Bear with me through one more comparison: I recently read Perdido Street Station by China Mieville. I'd had it recommended on the basis of its setting, which did not fail to impress—the novel's set in a city in which a variety of fantastic creatures rub elbows in a Dickensian social milieu. It's incredibly rich, which is why it was utterly perplexing to me that the plot is a DnD-style monster bash. It felt like a waste of a fascinating setting, to fall back on such a bog-standard narrative.

In much the same way, A New Life immediately drew me in by presenting a novel and evocative religious system, a society in which gender is continually and individually constructed, and an interesting central character who boasts a backstory nicely revealed through layered remembrances. Unfortunately, none of this has very much to do with the actual plot, which is kicked off by a peddler who wants you to rid a cave of goblins. While the story eventually becomes more interesting that the premise suggests, it never managed to sink its hooks into me - the history of some kingdoms I didn't care about and political machinations undermining a marriage whose ramifications I didn't quite grasp didn't seem all that compelling, when what I really wanted to know was about what happened to the player character's brother, and the girl s/he had fallen in love with when s/he was young, and how s/he felt about the religious figures depicted in the shrine, and whether s/he was ever going to acquire a gender again. This is clearly a testament to the author's skill at getting me to care about the world and the protagonist, but again, it felt perverse to have all the really interesting elements shoved aside in favor of something pedestrian by comparison.
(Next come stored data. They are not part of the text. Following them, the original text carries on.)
(* In a $\$$-bounded contract, let $\mathcal{A}$ be an infinite cluster in $(s,\mathcal{P})$ such that $\mathrm{MEV}_{\mathcal{A}}(s,\mathcal{P})>0$. Then $\mathcal{A}$ is a MEV-attacker in $(s,\mathcal{P})$, i.e. an $f$-attacker for $f(\mathcal{B},s,\mathcal{P})=\mathrm{MEV}_{\mathcal{B}}(s,\mathcal{P})$.
   Context: Fix a countably infinite set $\mathbb{A}$ of actors, a set $\mathbb{T}$ of token types and a set $\mathbb{X}$ of transactions. A wallet is a function $\mathbb{T}\to\mathbb{N}$; $\mathbb{W}_{\mathrm{fin}}$ is the set of finite-support wallets. A wallet state is $W:\mathbb{A}\to(\mathbb{T}\to\mathbb{N})$ satisfying the finite tokens axiom $\sum_{\tau}\sum_{a}W(a)(\tau)\in\mathbb{N}$; wallet states are added pointwise, $W(\mathcal{A})=\sum_{a\in\mathcal{A}}W(a)$, and $\mathrm{own}(W)=\{a:\exists\tau.\,W(a)(\tau)>0\}$. A contract consists of blockchain states $\mathbb{S}=\mathbb{C}\times\mathbb{W}$ (contract state, wallet state), a partial transition function $\mapsto:(\mathbb{S}\times\mathbb{X})\rightharpoonup\mathbb{S}$ and initial states $\mathbb{S}_0$. A transaction $x$ is valid in $s$ if $s\xmapsto{x}s'$ for some $s'$. For finite sequences, $s\xrightarrow{\varepsilon}s$, and $s\xrightarrow{\vec{Y}x}s'$ iff either $s\xrightarrow{\vec{Y}}s''\xmapsto{x}s'$, or $s\xrightarrow{\vec{Y}}s'$ and $x$ is not valid in $s'$. $W(s)$ is the wallet state of $s$; $W_{\mathcal{A}}(s)=\sum_{a\in\mathcal{A}}W(s)(a)$. A wealth function is an additive map $\$:\mathbb{W}_{\mathrm{fin}}\to\mathbb{N}$; $\$_{\mathcal{A}}(s)=\$(W_{\mathcal{A}}(s))$; gain $G_{\mathcal{A}}(s,\vec{X})=\$_{\mathcal{A}}(s')-\$_{\mathcal{A}}(s)$ where $s\xrightarrow{\vec X}s'$. The contract is $\$$-bounded if for every $s_0\in\mathbb{S}_0$ there is $n$ such that $\$_{\mathbb{A}}(s)<n$ for all $s$ reachable from $s_0$. A transaction deducibility function $\kappa:\mathcal{P}(\mathbb{A})\times\mathcal{P}(\mathbb{X})\to\mathcal{P}(\mathbb{X})$, $(\mathcal{A},\mathcal{X})\mapsto\kappa_{\mathcal{A}}(\mathcal{X})$, satisfies: extensivity; idempotence; monotonicity in both arguments; continuity on increasing chains; finite causes (every finite $\mathcal{X}_0$ lies in $\kappa_{\mathcal{A}_0}(\emptyset)$ for a finite $\mathcal{A}_0$); private knowledge ($\kappa_{\mathcal{A}}(\emptyset)\subseteq\kappa_{\mathcal{A}'}(\emptyset)\Rightarrow\mathcal{A}\subseteq\mathcal{A}'$); no shared secrets ($\kappa_{\mathcal{A}}(\mathcal{X})\cap\kappa_{\mathcal{B}}(\mathcal{X})\subseteq\kappa_{\mathcal{A}\cap\mathcal{B}}(\mathcal{X})$). $\mathcal{X}^*$ denotes finite sequences over $\mathcal{X}$. $\mathrm{uG}_{\mathcal{A}}(s)=\max\{G_{\mathcal{A}}(s,\vec{Y}):\vec{Y}\in\kappa_{\mathcal{A}}(\emptyset)^*\}$; $\mathrm{xG}_{\mathcal{A}}(s,\vec{Y})=G_{\mathcal{A}}(s,\vec{Y})-\mathrm{uG}_{\mathcal{A}}(s)$; $\mathrm{MEV}_{\mathcal{A}}(s,\mathcal{P})=\max\{\mathrm{xG}_{\mathcal{A}}(s,\vec{Y}):\vec{Y}\in\kappa_{\mathcal{A}}(\mathcal{P})^*\}$. A renaming of $\mathcal{A}$ is a permutation $\rho:\mathcal{A}\to\mathcal{A}$ (identity outside $\mathcal{A}$ on sets of actors); $(W\rho)(a)=W(\rho^{-1}(a))$ for $a\in\mathcal{A}$, $W(a)$ otherwise; $(\sigma,W)\rho=(\sigma,W\rho)$. $\mathcal{A}$ is a cluster in $(s,\mathcal{P})$ iff for all renamings $\rho_0,\rho_1$ of $\mathcal{A}$, all $\mathcal{B}\subseteq\mathcal{A}$, $s'$, $\vec{X}$, $\mathcal{Y}\subseteq\mathcal{P}$: if $s\rho_0\xrightarrow{\vec{X}}s'$ with $\vec{X}\in\kappa_{\rho_0(\mathcal{B})}(\mathcal{Y})^*$, then there exist $\vec{X}',r'$ with $s\rho_1\xrightarrow{\vec{X}'}r'$, $\vec{X}'\in\kappa_{\rho_1(\mathcal{B})}(\mathcal{Y})^*$ and $W(r')=(W(s')\rho_0^{-1})\rho_1$. $W'$ is an $(\mathcal{A},\mathcal{B})$-wallet redistribution of $W$ iff there exist $W_{\mathcal{A}},W_{\mathcal{B}},W_{\mathcal{C}}$ with $W=W_{\mathcal{A}}+W_{\mathcal{C}}$, $\mathrm{own}(W_{\mathcal{A}})\subseteq\mathcal{A}$; $W'=W_{\mathcal{B}}+W_{\mathcal{C}}$, $\mathrm{own}(W_{\mathcal{B}})\subseteq\mathcal{B}$; $\mathrm{own}(W_{\mathcal{C}})\subseteq\mathbb{A}\setminus(\mathcal{A}\cup\mathcal{B})$; $W_{\mathcal{A}}(\mathbb{A})=W_{\mathcal{B}}(\mathbb{A})$; a state $s'$ is an $(\mathcal{A},\mathcal{B})$-wallet redistribution of $s$ iff this holds for their wallet states and they have the same contract state. For $f:\mathcal{P}(\mathbb{A})\times\mathbb{S}\times\mathcal{P}(\mathbb{X})\to\mathbb{Z}$, an infinite $\mathcal{A}$ is an $f$-attacker in $(s,\mathcal{P})$ if for every infinite $\mathcal{B}\subseteq\mathcal{A}$ there is an $(\mathcal{A},\mathcal{B})$-wallet redistribution $s'$ of $s$ with $f(\mathcal{B},s',\mathcal{P})>0$. *)

From Stdlib Require Import List ZArith Classical ClassicalEpsilon.
Import ListNotations.
Set Implicit Arguments.

Section MEV.

(* Act: actors, Tok: token types, X: transactions *)
Variables (Act Tok X : Type).

Definition countably_infinite (T : Type) : Prop :=
  exists (e : nat -> T) (e' : T -> nat),
    (forall n, e' (e n) = n) /\ (forall t, e (e' t) = t).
With that said, the game is by no means bad. The writing remains strong throughout, the cave lair boasts some distinctive features—a planetarium and underground tower—the dialogue is sharp, and the puzzles are original and entertaining, especially the final sequence in which the player must recover another's lost memories by interacting with mnemonic seeds and a dragon reminiscent of the one from Grendel. The map in the upper-right corner is a welcome convenience—though the gameworld isn't particularly huge, it's still a nice barrier to getting lost. Many obstacles boast multiple paths around them, and there are a few actions which aren't strictly necessary, but which better flesh out the world and make for a more satisfying narrative.

If all of this had been in the service of a different story—or if the author had employed a different player character, one with a personal stake in the proceedings—A New Life could have been my favorite game of the comp. As it was, though, each twist of the story earned little more than a shrug, which is really a shame, given the overall high quality of the game. My favorite parts wound up being sideshows that didn't really have much to do with anything—I was eager to try to tease out as much of the player character's past as possible, to explore the pilgrimage site's carvings, to manipulate the planetarium so it showed an alien sky. Helping the genocidal peddler-woman paled by comparison, but all that other compelling stuff ultimately turned out to be inconsequential. I'd very much welcome seeing the author further explore this world, but A New Life winds up being a very good introduction to the setting but only a fair game as a result.